Tuesday, September 15, 2015

memory as agency

Now Playing: Bad Blood by Taylor Swift (it's so sad to think about the good times, you and I)

In my younger and more vulnerable years I was always terrified that nobody would remember me, that I wouldn't become some Big Famous Person, that I would die or sink into disrepair before My Time Had Come.

(if I sound like a nihilistic self-absorbed narcissist with delusions of grandeur, it's because I was)

And as if to confirm my thirteen-year-old self's worst nightmares, I'm currently at uni in one of the busiest libraries and one of my biggest bullies at high school is sitting right next to me and he does not recognise me.

But I spend a lot of my time these days thinking introspectively, nostalgically reminiscing over beautiful and beautifully fleeting moments and haunted by ghosts from my past, and I realize how much people are afraid of me not because they remember me as something Great and Awesome and Formidable, but rather afraid of what I remember.

In my time as both a nerdfighter and an English student I have learned about the silence of trauma, both in horror genre fiction and in real life. I learned that pain demands to be felt, and that pain defies language. I've spoken before that the cruellest part of emotional abuse is that gaslighting erases your memory and erases your ability to articulate your needs and rights and leaves only silence and doubt and the idea, but not the recollection, of pain. But there are a lot of things that I can remember, and as something of a relatively talented writer, I have through poetry and essay and reading obsessively found ways to put words to my pain and also to my pleasure and frustration and happiness and anxiety and that, I think, terrifies people.

Memories are not, by nature, objective records of the past. They are elaborations of summaries stored in a brain that is by no means a proficient curator of thought; In our nostalgic recollections of the past we tend to dwell on moments of intense emotion, but I don't think that is a bad thing; everything is biased, including really dull and obnoxiously authoritative law textbooks, and we are no different.

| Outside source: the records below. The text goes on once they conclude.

Lemma lEPS_critical1 (l : nat) (H : graph) : lEPS l H -> critical 1 H.
Proof.
move=> H_eps; have [_ [H_split _]] := H_eps.
pose n := #|vert H|; exists (2 ^ (3 * n)) => K K_red K_big.
have [s sl] := lEPS_reduced H_eps K_red; rewrite -subnDA add1n => K_free.
have /card_gt0P[k0 _] : 0 < #|vert K| by rewrite (leq_trans _ K_big) ?expn_gt0.
have := @ramsey K (2 * n) n [set: vert K]; rewrite cardsT -mulSnr => /(_ K_big).
case=> Q _ [[cQ Q_big] | [sQ Q_big]]; last first.
  by have := remainder_free_stable k0 (H_split s.+1 ltac:(lia)) K_free sQ; lia.
case: s => [| s] in sl K_free *; last first.
  have H_cover : Hst s.+1 (l - s.+2).+1 H by rewrite subnSK //; apply: H_split; lia.
  by have := remainder_free_clique k0 H_cover K_free cQ; lia.
exact: remainder_free_one_star H_eps K_free cQ Q_big.
Qed.

Theorem lemma3p11 (H : graph) : EPS H -> critical 1 H /\ ~ critical 0 H.
Proof.
by move=> [l H_eps]; split; [exact: lEPS_critical1 H_eps | exact: lEPS_not_critical0 H_eps].
Qed.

But what I do remember, of a lot of people, is not kind. A lot of people were not kind to me, which is okay, you know - I'm made of pretty strong stuff. But in the words of Anne Lamott, you own everything that has happened to you; and you own those things in the way that you remember and articulate them. When your reputation changes wildly in a very short space of time - from high school loser to moderately notorious arts student - people change how they treat you, but I always remember the feelings and emotions and euphoria and hurt that flashed through my smaller self in ways that I mostly could not handle.

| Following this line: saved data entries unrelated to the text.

(* Let $G_{wy}$ and $G_{zx}$ be Lagrangian grid diagrams of the same size $n$ (in the $(w,y)$-plane and the $(z,x)$-plane respectively) such that $|\Delta t(c_i)|\neq|\Delta t(c'_j)|$ for every crossing $c_i$ of $G_{wy}$ and every crossing $c'_j$ of $G_{zx}$. Then there is a Lagrangian hypercube diagram whose $wy$- and $zx$-projections are $G_{wy}$ and $G_{zx}$.
   Context: Grid conventions. In a plane with coordinates $(a,b)$ (here $(a,b)=(w,y)$ or $(a,b)=(z,x)$), an immersed grid diagram of size $n$ is an $n\times n$ grid of unit cells in $[0,n]^2$ with two kinds of markings at centers of cells, each row and each column containing exactly one marking of each kind; joining each marking of the first kind to the marking of the second kind in its row by an $a$-parallel segment, and each marking of the second kind to the marking of the first kind in its column by a $b$-parallel segment, gives an oriented connected closed piecewise-linear curve, with no crossing information, viewed as an immersion $\gamma:\mathbb{R}/2\pi\mathbb{Z}\to\mathbb{R}^2$, $\theta\mapsto(a(\theta),b(\theta))$. It is a Lagrangian grid diagram if (1) $\int_0^{2\pi}b\,a'\,d\theta=0$ and (2) $\int_{\theta_0}^{\theta_1}b\,a'\,d\theta\neq0$ whenever $\theta_0\neq\theta_1$ and $\gamma(\theta_0)=\gamma(\theta_1)$. For a crossing $c=\gamma(\theta_0)=\gamma(\theta_1)$ put $|\Delta t(c)|=|\int_{\theta_0}^{\theta_1}b\,a'\,d\theta|$. Hypercube diagrams. Let $C=[0,n]^4$ with coordinates $(w,x,y,z)$. A flat is a product in which two coordinates range over $[0,n]$ and the other two over unit intervals $[k,k+1]$, named by its two full coordinates; a cube is a product in which three coordinates range over $[0,n]$ and one over a unit interval. Markings are points with coordinates in $\mathbb{Z}+\frac12$ labelled $W,X,Y,Z$. Marking conditions: each cube contains exactly one marking of each label; each cube contains exactly two flats containing exactly three markings; in each such flat the three markings form a right angle with rays parallel to coordinate axes; its vertex is $W$ iff the flat is a $zw$-flat, $X$ iff a $wx$-flat, $Y$ iff an $xy$-flat, $Z$ iff a $yz$-flat. Join each $W$ to an $X$ by a $w$-parallel segment, each $X$ to a $Y$ by an $x$-parallel segment, each $Y$ to a $Z$ by a $y$-parallel segment and each $Z$ to a $W$ by a $z$-parallel segment; the projections of this curve to the $(w,y)$- and $(z,x)$-planes are immersed grid diagrams (the $wy$- and $zx$-projections). A Lagrangian hypercube diagram is such a marked hypercube satisfying the marking conditions whose two projections are Lagrangian grid diagrams with $|\Delta t(c)|\neq|\Delta t(c')|$ for all crossings $c$ of the $zx$-projection and $c'$ of the $wy$-projection. *)

From HB Require Import structures.
From mathcomp Require Import all_boot all_order all_algebra.
From mathcomp Require Import reals.
Set Implicit Arguments. Unset Strict Implicit. Unset Printing Implicit Defensive.
Import Order.TTheory GRing.Theory Num.Theory.
Local Open Scope ring_scope.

I've been a writer all my life and a public writer since I was twelve, and I've always found this very obscure blog with its very small audience to be a source of agency for me; at home, away from the people who hurt me, I can write whatever I like about them and they can't stop me. I often liked to sneer, to heartbreakers and hair-pullers, that everyone has a story, but it's my story that counts; and in a way, that's true, because I'm the writer. And when I run into ghosts at uni, a long way away from my battered, scraped-knee, snotty-nosed child self, I see shock, and then begrudging acknowledgement, then fear. Because as much as we become different people we hold on to the same memories and those memories are powerful.

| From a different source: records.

Lemma los_hsat (sk : forall k, fo_asg (B k)) (s : fo_asg (ultraproduct H B))
    (Sk : forall k, so_asg (B k)) (S : so_asg (ultraproduct H B)) :
  represents_fo sk s -> represents_so Sk S -> forall phi,
  hsat (decomposable H B) s S phi <-> H (fun k => hsat (all_rels (B k)) (sk k) (Sk k) phi).
Proof.
have B_inh k : inhabited (B k) := dom_ne (B k).
have rel_inh m k : inhabited (('I_m.+1 -> B k) -> Prop) := inhabits (fun _ => True).
move=> + + phi; elim: phi sk s Sk S => [t1 t2 | r args | m X args | | p IHp
  | p IHp q IHq | p IHp q IHq | p IHp q IHq | x p IHp | x p IHp | m X p IHp | m X p IHp]
  sk s Sk S sE SE /=.
- by rewrite !(teval_uinj sE); apply: uinj_eq.
- exact: (prod_rel_uinj (fun k => @interp_rel _ (B k) r) (fun i => teval_uinj sE (args i))).
- by rewrite SE; apply: (prod_rel_uinj _ (fun i => teval_uinj sE (args i))).
- by split=> [[] | ]; apply: (uf_empty hH (fun _ => id)).
- by rewrite (IHp _ _ _ _ sE SE); symmetry; apply: (uf_not hH).
- by rewrite (IHp _ _ _ _ sE SE) (IHq _ _ _ _ sE SE); symmetry; apply: (uf_and hH).
- by rewrite (IHp _ _ _ _ sE SE) (IHq _ _ _ _ sE SE); symmetry; apply: (uf_or hH).
- by rewrite (IHp _ _ _ _ sE SE) (IHq _ _ _ _ sE SE); symmetry; apply: (uf_imp hH).
- apply: iff_trans (exists_uinj _) _; apply: (uf_exists_iff hH B_inh) => f.
  exact: (IHp _ _ _ _ (represents_fo_upd1 x f sE) SE).
- apply: iff_trans (forall_uinj _) _; apply: (uf_forall_iff hH B_inh) => f.
  exact: (IHp _ _ _ _ (represents_fo_upd1 x f sE) SE).
- apply: iff_trans (exists_decomposable _) _; apply: (uf_exists_iff hH (rel_inh m)) => Rk.
  rewrite (IHp _ _ _ _ sE (represents_so_upd2 X Rk SE)).
  by apply: (uf_congr hH) => k; split=> [|[]].
- apply: iff_trans (forall_decomposable _) _; apply: (uf_forall_iff hH (rel_inh m)) => Rk.
  rewrite (IHp _ _ _ _ sE (represents_so_upd2 X Rk SE)).
  by apply: (uf_congr hH) => k; split=> [h _ | /(_ I)].
Qed.

Lemma los_dh_models phi :
  dh_models H B phi <-> H (fun k => hmodels (B k) (all_rels (B k)) phi).
Proof.
have asg_inh k : inhabited (fo_asg (B k) * so_asg (B k)).
  by case: (dom_ne (B k)) => b; apply: inhabits ((fun _ => b), (fun _ _ _ => True)).
split=> [Hphi | UHphi s S Sdec].
- pose sat k (a : fo_asg (B k) * so_asg (B k)) := hsat (all_rels (B k)) a.1 a.2 phi.
  have /(uf_forall_choice hH asg_inh (Q := sat)) Uphi
      (a : forall k, fo_asg (B k) * so_asg (B k)) : H (fun k => sat k (a k)).
    have sE : represents_fo (fun k => (a k).1) (fun x => uinj H (fun k => (a k).1 x)) by [].
    have SE : represents_so (fun k => (a k).2) (fun m X => prod_rel (fun k => (a k).2 m X)) by [].
    apply (los_hsat sE SE).
    by apply: Hphi => m X; exists (fun k => (a k).2 m X).
  by apply: (uf_mono hH Uphi) => k Hk s S _; apply: (Hk (s, S)).
- pose Sk k : so_asg (B k) :=
    fun m X => proj1_sig (constructive_indefinite_description _ (Sdec m X)) k.
  have SE : represents_so Sk S.
    by move=> m X; rewrite /Sk; case: constructive_indefinite_description.
  have sE : represents_fo (fun k x => urep (s x) k) s by move=> x; rewrite uinj_urep.
  by apply/(los_hsat sE SE); apply: (uf_mono hH UHphi) => k; apply.
Qed.
End Ultraproduct.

Like many bullied kids, I spent a lot of my childhood feeling powerless and helpless and therefore deeply resentful; of the kids who bullied me, my teachers who either bullied me or did very little to stop bullying as a systemic problem at school, and the frustration of being a kid and of being a person who didn't have the words or the nerve or the strength to fight back - and the few times I did fight back were instantly punished. I'll never forget the time I was made to apologise to my bullies. I'll never forget my Year 8 Science teacher who told me that I was useless or my Year 12 Politics teacher who said I would never get into uni. I spent a lot of time fantasizing about hurting my bullies or at least saying something super clever and snarky to their faces but I've come to the realization that people are genuinely afraid that I remember things, and that I write, and that I'm not a huge fan of forgive and forget. What happened in the past is thoroughly in the past for me, in that they don't hang in moments or places as panic and dread on a daily basis in the way that other things do, but that doesn't mean I'm necessarily going to give you a clean slate for free. But there is power in that, in remembering. Because holding people accountable isn't just cathartic and deeply satisfying; it is the only way to show people that easy targets sometimes grow up into people you can't push around anymore.